* YOUR GOAL *
Number of lines with "lexlt" in the listing: report it, and nothing else.
------------------------------------
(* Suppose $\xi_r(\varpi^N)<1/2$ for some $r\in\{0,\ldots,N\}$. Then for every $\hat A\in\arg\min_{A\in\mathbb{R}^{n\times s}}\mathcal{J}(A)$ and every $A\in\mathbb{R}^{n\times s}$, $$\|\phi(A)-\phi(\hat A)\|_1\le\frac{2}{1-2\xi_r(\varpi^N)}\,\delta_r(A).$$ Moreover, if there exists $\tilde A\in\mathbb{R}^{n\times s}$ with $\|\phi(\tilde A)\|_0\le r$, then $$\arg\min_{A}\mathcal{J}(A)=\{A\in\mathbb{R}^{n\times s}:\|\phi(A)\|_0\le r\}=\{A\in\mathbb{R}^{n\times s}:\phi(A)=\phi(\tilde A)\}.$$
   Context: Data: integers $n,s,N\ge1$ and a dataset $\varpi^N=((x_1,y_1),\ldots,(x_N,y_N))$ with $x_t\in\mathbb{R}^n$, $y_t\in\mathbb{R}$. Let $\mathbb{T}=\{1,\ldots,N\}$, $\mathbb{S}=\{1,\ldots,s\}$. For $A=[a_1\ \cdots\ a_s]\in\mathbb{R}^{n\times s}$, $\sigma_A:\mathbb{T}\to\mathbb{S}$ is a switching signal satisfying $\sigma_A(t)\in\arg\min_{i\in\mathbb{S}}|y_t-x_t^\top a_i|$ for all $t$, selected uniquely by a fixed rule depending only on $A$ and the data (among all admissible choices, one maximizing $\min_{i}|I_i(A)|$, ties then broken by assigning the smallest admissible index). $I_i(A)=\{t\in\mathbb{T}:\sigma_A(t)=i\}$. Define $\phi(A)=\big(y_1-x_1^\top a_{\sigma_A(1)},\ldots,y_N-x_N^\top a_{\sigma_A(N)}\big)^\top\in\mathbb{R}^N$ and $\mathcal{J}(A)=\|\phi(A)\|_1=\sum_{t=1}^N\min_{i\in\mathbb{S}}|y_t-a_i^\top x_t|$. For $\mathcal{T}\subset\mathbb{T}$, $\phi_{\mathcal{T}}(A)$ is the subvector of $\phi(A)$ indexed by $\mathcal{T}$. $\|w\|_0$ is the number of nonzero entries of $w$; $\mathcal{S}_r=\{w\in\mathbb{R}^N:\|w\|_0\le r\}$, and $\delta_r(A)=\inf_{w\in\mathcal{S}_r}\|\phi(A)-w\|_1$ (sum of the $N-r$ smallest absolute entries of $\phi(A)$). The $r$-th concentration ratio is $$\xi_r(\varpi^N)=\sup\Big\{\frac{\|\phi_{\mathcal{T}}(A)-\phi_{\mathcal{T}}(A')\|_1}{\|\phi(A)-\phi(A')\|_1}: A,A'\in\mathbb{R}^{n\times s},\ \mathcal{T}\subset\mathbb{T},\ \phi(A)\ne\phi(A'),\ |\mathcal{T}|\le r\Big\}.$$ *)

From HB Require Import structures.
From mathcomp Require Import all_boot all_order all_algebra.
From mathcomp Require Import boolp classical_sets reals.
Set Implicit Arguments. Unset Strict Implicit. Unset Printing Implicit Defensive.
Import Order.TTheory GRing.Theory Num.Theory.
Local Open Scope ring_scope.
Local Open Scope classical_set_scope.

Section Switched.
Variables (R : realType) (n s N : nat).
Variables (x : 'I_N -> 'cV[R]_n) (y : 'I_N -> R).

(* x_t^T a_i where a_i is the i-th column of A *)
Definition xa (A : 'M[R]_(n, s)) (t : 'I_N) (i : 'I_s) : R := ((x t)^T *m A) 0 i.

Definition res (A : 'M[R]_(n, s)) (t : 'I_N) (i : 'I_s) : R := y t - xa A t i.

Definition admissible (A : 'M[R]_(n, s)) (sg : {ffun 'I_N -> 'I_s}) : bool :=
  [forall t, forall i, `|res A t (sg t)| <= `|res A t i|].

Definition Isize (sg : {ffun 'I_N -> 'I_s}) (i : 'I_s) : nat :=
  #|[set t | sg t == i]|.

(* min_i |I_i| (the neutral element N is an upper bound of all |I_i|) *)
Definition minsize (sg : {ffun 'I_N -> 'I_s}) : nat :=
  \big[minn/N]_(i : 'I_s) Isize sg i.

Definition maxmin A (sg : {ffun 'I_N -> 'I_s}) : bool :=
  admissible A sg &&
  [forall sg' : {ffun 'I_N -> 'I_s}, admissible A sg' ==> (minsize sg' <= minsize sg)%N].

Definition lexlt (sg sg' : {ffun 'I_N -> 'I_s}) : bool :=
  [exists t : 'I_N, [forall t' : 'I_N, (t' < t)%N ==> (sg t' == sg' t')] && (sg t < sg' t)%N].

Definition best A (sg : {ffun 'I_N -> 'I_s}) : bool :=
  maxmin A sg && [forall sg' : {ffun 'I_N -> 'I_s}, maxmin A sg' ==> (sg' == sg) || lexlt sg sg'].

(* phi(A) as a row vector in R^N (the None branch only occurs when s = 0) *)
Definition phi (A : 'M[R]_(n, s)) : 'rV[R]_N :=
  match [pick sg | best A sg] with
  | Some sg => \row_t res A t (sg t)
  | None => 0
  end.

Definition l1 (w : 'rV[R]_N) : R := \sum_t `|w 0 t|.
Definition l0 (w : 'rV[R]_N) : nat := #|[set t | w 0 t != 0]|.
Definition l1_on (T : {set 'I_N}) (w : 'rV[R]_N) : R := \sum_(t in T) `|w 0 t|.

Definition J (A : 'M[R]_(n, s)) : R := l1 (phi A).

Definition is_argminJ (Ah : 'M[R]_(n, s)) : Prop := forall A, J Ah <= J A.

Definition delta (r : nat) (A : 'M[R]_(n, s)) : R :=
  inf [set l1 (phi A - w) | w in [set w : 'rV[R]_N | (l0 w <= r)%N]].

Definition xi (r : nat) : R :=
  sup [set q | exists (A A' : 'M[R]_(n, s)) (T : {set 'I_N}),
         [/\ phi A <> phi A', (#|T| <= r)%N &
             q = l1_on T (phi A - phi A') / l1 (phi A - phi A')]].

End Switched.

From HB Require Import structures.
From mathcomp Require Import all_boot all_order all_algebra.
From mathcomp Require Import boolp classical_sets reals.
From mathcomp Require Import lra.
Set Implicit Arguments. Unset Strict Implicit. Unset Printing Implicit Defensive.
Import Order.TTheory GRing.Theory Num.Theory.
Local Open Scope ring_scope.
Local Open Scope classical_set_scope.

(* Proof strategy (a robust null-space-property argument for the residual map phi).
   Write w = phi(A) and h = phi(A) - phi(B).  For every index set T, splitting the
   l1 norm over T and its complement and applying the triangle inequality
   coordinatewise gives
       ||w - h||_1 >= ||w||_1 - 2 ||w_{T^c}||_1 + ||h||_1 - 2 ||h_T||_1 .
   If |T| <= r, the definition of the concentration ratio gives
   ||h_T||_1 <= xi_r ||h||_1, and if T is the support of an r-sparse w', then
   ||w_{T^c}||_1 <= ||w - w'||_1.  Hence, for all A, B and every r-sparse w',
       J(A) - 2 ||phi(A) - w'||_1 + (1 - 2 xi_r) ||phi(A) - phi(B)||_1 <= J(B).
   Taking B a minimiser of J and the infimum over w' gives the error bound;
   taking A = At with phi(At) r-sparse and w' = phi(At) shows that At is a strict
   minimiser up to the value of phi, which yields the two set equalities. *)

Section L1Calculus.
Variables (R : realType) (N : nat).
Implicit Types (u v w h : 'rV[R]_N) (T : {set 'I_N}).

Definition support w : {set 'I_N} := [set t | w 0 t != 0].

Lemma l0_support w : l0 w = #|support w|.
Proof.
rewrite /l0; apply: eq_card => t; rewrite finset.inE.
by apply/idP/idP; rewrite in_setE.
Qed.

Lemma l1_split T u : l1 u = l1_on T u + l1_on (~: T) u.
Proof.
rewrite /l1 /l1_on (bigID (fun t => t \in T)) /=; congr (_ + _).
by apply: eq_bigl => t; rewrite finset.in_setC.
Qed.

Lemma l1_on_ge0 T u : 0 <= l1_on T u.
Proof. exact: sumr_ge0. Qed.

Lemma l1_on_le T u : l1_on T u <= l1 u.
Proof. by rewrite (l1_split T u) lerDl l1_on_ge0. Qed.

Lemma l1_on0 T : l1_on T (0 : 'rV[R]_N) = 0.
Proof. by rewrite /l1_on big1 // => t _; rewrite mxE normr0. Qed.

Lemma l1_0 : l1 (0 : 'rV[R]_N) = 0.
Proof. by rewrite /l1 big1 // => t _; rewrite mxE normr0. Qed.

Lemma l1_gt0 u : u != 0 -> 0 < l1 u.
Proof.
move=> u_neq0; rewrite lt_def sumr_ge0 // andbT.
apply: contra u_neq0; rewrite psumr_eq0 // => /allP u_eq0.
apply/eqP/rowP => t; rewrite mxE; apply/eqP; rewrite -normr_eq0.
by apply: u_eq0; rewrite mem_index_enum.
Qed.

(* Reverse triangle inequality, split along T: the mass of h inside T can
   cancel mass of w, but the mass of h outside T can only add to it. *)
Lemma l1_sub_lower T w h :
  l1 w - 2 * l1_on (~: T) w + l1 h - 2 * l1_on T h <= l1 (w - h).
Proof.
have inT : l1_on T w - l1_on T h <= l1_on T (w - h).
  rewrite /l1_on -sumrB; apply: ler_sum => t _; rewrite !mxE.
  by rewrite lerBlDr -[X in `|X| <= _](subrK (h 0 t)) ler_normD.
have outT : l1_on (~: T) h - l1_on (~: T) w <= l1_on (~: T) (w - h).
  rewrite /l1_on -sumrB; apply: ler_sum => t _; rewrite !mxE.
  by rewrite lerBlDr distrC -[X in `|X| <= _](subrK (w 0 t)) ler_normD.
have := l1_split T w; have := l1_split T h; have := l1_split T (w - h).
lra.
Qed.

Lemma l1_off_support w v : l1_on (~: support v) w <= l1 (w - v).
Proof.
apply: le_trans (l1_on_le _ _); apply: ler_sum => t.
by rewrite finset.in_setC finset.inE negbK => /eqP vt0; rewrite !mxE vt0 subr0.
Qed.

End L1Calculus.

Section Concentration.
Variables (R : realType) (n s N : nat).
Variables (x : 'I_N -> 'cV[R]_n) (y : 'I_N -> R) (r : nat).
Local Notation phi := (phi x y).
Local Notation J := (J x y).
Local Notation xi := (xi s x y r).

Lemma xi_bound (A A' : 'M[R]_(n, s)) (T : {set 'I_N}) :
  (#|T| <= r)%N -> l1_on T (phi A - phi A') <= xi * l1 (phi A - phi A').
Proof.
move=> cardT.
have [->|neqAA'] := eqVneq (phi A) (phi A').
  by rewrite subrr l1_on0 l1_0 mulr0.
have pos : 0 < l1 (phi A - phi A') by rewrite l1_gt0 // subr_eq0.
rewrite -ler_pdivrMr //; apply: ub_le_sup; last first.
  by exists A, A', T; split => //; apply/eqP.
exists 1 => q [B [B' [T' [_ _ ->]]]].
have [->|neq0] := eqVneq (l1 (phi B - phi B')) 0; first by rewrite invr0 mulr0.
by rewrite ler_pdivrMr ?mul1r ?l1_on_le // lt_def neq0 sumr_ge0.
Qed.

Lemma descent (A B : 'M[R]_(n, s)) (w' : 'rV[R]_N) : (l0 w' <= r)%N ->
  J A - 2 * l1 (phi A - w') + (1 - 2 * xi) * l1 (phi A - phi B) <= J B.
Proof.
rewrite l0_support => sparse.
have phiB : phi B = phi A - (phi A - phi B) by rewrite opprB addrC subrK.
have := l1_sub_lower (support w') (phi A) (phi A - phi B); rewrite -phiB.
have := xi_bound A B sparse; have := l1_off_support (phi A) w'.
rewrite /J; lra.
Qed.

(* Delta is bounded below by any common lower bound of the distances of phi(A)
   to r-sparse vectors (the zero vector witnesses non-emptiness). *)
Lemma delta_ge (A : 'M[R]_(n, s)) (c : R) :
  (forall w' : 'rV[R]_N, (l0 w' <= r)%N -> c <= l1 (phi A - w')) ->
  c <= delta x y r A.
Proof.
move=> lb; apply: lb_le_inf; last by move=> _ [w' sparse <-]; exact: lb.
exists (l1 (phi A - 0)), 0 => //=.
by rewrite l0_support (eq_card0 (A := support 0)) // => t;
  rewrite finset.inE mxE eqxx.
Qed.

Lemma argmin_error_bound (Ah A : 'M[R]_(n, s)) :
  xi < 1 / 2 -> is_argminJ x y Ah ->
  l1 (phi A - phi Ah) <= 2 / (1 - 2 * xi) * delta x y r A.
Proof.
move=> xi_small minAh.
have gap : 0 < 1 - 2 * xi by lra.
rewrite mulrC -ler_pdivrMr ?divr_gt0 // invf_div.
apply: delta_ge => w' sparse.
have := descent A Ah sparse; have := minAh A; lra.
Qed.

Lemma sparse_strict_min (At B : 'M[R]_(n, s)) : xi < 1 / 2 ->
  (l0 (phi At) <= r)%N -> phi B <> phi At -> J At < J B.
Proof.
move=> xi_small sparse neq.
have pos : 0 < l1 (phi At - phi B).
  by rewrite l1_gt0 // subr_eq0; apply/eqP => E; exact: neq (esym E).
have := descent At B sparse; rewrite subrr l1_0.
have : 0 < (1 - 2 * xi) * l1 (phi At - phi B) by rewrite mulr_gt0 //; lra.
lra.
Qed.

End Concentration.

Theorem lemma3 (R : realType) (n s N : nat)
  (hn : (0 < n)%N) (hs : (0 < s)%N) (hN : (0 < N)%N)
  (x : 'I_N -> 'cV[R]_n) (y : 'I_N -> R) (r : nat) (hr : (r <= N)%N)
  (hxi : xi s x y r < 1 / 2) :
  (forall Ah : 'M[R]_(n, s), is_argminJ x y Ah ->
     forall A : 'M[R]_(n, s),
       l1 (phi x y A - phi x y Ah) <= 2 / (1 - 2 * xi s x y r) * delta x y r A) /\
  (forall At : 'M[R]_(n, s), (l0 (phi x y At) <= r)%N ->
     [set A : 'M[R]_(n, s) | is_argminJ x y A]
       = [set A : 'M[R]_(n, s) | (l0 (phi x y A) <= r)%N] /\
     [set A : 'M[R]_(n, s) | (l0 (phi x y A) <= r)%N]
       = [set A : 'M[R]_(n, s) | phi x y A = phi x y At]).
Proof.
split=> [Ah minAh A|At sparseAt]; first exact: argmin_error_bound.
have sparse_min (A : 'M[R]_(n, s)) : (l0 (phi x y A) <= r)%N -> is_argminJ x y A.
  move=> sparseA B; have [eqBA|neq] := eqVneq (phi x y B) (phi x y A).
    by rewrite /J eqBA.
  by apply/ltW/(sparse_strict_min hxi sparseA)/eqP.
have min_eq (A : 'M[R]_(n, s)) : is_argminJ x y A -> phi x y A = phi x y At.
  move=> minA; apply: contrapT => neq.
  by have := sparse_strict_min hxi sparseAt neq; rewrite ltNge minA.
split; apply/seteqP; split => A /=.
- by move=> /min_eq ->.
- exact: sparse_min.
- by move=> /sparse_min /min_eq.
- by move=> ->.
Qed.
------------------------------------
* SOLUTION TO THIS EXERCISE *
2